Les groupes de défense de la liberté de la presse, des libertés civiles et des droits de l'homme ont insisté sur le fait que les charges retenues contre M. Assange constituent une menace grave et sans précédent pour l'activité journalistique quotidienne, protégée par la Constitution, et qu'une condamnation représenterait un recul historique pour le premier amendement.

Les principaux médias sont tous d'accord: le «New York Times», le «Guardian», «El Pais», «Le Monde» et «Der Spiegel» ont pris l'initiative extraordinaire de publier une déclaration commune pour s'opposer à l'acte d'accusation, avertissant qu'il «crée un dangereux précédent et menace de saper le Premier amendement américain et la liberté de la presse».

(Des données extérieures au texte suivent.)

Lemma sign_vec_orth H V L : V \in components H -> is_bipartition H V L ->
  sign_vec V L \in edge_orth H.
Proof.
move=> Vc /andP [_ /forallP VL]; apply/memv_edge_orth => e eH.
rewrite dotv_rho !sign_vecE -(components_closed Vc eH).
case: ifP => uV; last by rewrite addr0 mulr0.
move: (VL e); rewrite eH uV /=.
by case: (eu e \in L); case: (ev e \in L) => //= _; rewrite ?subrr ?addNr mulr0.
Qed.

Lemma edge_orth_alternating H i L a : a \in edge_orth H ->
  is_bipartition H (comp H i) L -> forall j, j \in comp H i ->
  a 0 j = if (j \in L) == (i \in L) then a 0 i else - a 0 i.
Proof.
move=> /memv_edge_orth aH /andP [_ /forallP iL]; apply: comp_ind; first by rewrite eqxx.
move=> y x yi xi /adjP [e eH exy] ay.
have ae := dotv_rho_eq0 (aH e eH).
have [yxL ax] : ((y \in L) != (x \in L)) /\ a 0 x = - a 0 y.
  by case: exy => -[eu_ ev_]; move: (iL e); rewrite eH eu_ ev_ ?yi ?xi /= => ?;
    rewrite eu_ ev_ in ae; rewrite ?ae ?opprK; split=> //; rewrite eq_sym.
rewrite ax ay; move: yxL.
by case: (y \in L); case: (x \in L); case: (i \in L) => //= _; rewrite opprK.
Qed.

Lemma edge_orth_nonbipartite H i a : a \in edge_orth H ->
  ~~ bipartite H (comp H i) -> a 0 i = 0.
Proof.
move=> aH; apply: contraNeq => ai0; apply/existsP.
exists [set j in comp H i | a 0 j == a 0 i]; apply/andP; split.
  by apply/subsetP => j; rewrite inE => /andP [].
have apm : forall j, j \in comp H i -> a 0 j = a 0 i \/ a 0 j = - a 0 i.
  move: aH => /memv_edge_orth aH; apply: comp_ind; first by left.
  move=> y x _ _ /adjP [e eH exy] ay; have ae := dotv_rho_eq0 (aH e eH).
  have -> : a 0 x = - a 0 y by case: exy => -[<- <-]; rewrite ae ?opprK.
  by case: ay => ->; [right|left; rewrite opprK].
have neq : - a 0 i != a 0 i by apply: contra_neq ai0 => ?; lra.
apply/forallP => e; apply/implyP => eH; apply/implyP => ui.
have vi : ev e \in comp H i by rewrite -(components_closed (mem_components H i) eH).
have := apm _ ui; have := dotv_rho_eq0 ((iffLR (memv_edge_orth _ _)) aH e eH).
by move: ui vi; rewrite !inE => -> -> /= -> [] ->; rewrite ?opprK eqxx (negbTE neq).
Qed.

Definition bip_components H := [set V in components H | bipartite H V].
Definition sign_basis H :=
  [seq sign_vec V (rooted_side H V) | V <- enum (bip_components H)].
Definition root_coef (a : rV) V := if comp_root V is Some r then a 0 r else 0.

Lemma bip_componentsP H V : V \in bip_components H ->
  V \in components H /\ bipartite H V.
Proof. by rewrite inE => /andP. Qed.

Lemma bip_components_notin H V k : V \in bip_components H -> V != comp H k ->
  k \notin V.
Proof. by move=> /bip_componentsP [Vc _]; apply: contra_neqN => /(componentsE Vc). Qed.

Lemma edge_orth_expansion H a : a \in edge_orth H ->
  a = \sum_(V in bip_components H) root_coef a V *: sign_vec V (rooted_side H V).
Proof.
move=> aH; apply/rowP => k; rewrite summxE.
have [kB|kB] := boolP (comp H k \in bip_components H); last first.
  rewrite big1 => [|V VB]; last first.
    by rewrite !mxE (negbTE (bip_components_notin VB _)) ?mulr0 //; apply: contraNneq kB => <-.
  apply: edge_orth_nonbipartite aH _.
  by apply: contra kB => kbip; rewrite inE mem_components.
rewrite (bigD1 (comp H k)) //= big1 ?addr0 => [|V /andP [VB Vk]]; last first.
  by rewrite !mxE (negbTE (bip_components_notin VB Vk)) mulr0.
have [Kc Kbip] := bip_componentsP kB.
have [r [rootE rK rL]] := rooted_sideP Kc.
have Kr := comp_eq rK.
have rbip : is_bipartition H (comp H r) (rooted_side H (comp H k)).
  by rewrite Kr; apply: rooted_side_bipartition.
rewrite !mxE comp_id /root_coef rootE (edge_orth_alternating aH rbip) ?Kr ?comp_id // rL.
by case: (k \in _); rewrite /= ?mulr1 ?mulrN1.
Qed.

Lemma sign_basis_free H : free (sign_basis H).
Proof.
rewrite -[sign_basis H]/(tval (in_tuple (sign_basis H))); apply/freeP => c c0 i.
have size_enum (j : 'I_(size (sign_basis H))) : (j < size (enum (bip_components H)))%N.
  by rewrite -(size_map (fun V => sign_vec V (rooted_side H V))).
pose B (j : 'I_(size (sign_basis H))) := nth set0 (enum (bip_components H)) j.
have BB (j : 'I_(size (sign_basis H))) : B j \in bip_components H.
  by rewrite -mem_enum mem_nth.
have [r [_ rB rL]] := rooted_sideP (proj1 (bip_componentsP (BB i))).
have := congr1 (fun v : rV => v 0 r) c0; rewrite summxE mxE (bigD1 i) //= big1.
  by rewrite addr0 mxE /sign_basis (nth_map set0) ?size_enum // -/(B i) !mxE rB rL mulr1.
move=> j ji; rewrite mxE /sign_basis (nth_map set0) ?size_enum // -/(B j) !mxE.
have BjBi : B j != B i.
  by rewrite /B nth_uniq ?enum_uniq.
by rewrite (componentsE (proj1 (bip_componentsP (BB i))) rB) in BjBi;
  rewrite (negbTE (bip_components_notin (BB j) BjBi)) mulr0.
Qed.

Lemma edge_orth_sign_basis H : edge_orth H = <<sign_basis H>>%VS.
Proof.
apply/eqP; rewrite eqEsubv; apply/andP; split.
  apply/subvP => a aH; rewrite (edge_orth_expansion aH).
  by apply: rpred_sum => V VB; apply/rpredZ/memv_span/map_f; rewrite mem_enum.
apply/span_subvP => v /mapP [V]; rewrite mem_enum => /bip_componentsP [Vc Vbip] ->.
exact/sign_vec_orth/rooted_side_bipartition.
Qed.

Lemma dim_edge_orth H : \dim (edge_orth H) = bicomp H.
Proof.
by rewrite edge_orth_sign_basis (eqP (sign_basis_free H)) size_map -cardE.
Qed.

End OrthDimension.

Section Faces.
Variables (R : realFieldType) (n : nat).
Local Notation rV := 'rV[R]_n.
Local Notation rho := (@rho R n).
Local Notation dotv := (@dotv R n).
Local Notation coneP := (@coneP R n).
Local Notation edge_span := (@edge_span R n).
Local Notation edge_orth := (@edge_orth R n).
Implicit Types (G H : {set sedge n}) (U Z : {vspace rV}) (F : rV -> Prop).

Lemma dimv_lt_mem U Z v : (U <= Z)%VS -> v \in Z -> v \notin U -> (\dim U < \dim Z)%N.
Proof.
move=> UZ vZ; apply: contraNT; rewrite -leqNgt => ZU.
by have /eqP -> : U == Z by rewrite eqEdim UZ.
Qed.

Lemma dimv_lt_notin U Z : (\dim Z < \dim U)%N -> exists2 w, w \in U & w \notin Z.
Proof.
move=> ZU; have [/allP UZ|/allPn [w wU wZ]] := boolP (all (mem Z) (vbasis U)).
  by move: ZU; rewrite ltnNge dimvS // -(span_basis (vbasisP U)); apply/span_subvP.
by exists w => //; apply: vbasis_mem.
Qed.

Lemma free_subseq_span (X : seq rV) :
  exists2 s, {subset s <= X} & free s /\ <<s>>%VS = <<X>>%VS.
Proof.
elim: X => [|x X [s sX [fs sXE]]]; first by exists [::]; [|split; [apply: nil_free|]].
have [xs|xs] := boolP (x \in <<s>>%VS).
  exists s => [v /sX|]; first by rewrite inE orbC => ->.
  split=> //; rewrite span_cons -sXE; apply/esym/addv_idPr; rewrite -memvE //.
exists (x :: s) => [v|]; first by rewrite !inE => /orP [->|/sX ->]; rewrite ?orbT.
by rewrite free_cons xs span_cons sXE -span_cons.
Qed.

Lemma indep_coneP H k : indep_in (coneP H) k <-> (k <= \dim (edge_span H))%N.
Proof.
split=> [[s [<- [sH fs]]]|kH].
  rewrite -(eqP fs); apply/dimvS/span_subvP => v /sH; exact: coneP_edge_span.
have [s sX [fs sXE]] := free_subseq_span (rhos R H).
have sdim : size s = \dim (edge_span H) by rewrite /edge_span -sXE (eqP fs).
exists (take k s); split; first by rewrite size_take sdim; case: ltngtP kH => // ->.
split; last by move: fs; rewrite -{1}(cat_take_drop k s); apply: catl_free.
by move=> v /mem_take /sX /mapP [e]; rewrite mem_enum => eH ->; apply: coneP_rho.
Qed.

L'American Civil Liberties Union (ACLU), Amnesty International, Reporters sans frontières, le Comité pour la protection des journalistes ainsi que Human Rights Watch vous ont écrit à trois reprises pour vous faire part de leurs préoccupations. Dans l'une de ces lettres, ils écrivent:

«L'inculpation de M. Julien Assange menace la liberté de la presse parce qu'une grande partie du comportement décrit dans l'acte d'accusation est un comportement que les journalistes adoptent régulièrement – et qu'ils doivent adopter pour faire le travail dont le public a besoin. […] Ils reçoivent et publient des documents que le gouvernement considère comme secrets. Selon nous, un tel précédent dans cette affaire pourrait effectivement criminaliser ces pratiques journalistiques courantes.»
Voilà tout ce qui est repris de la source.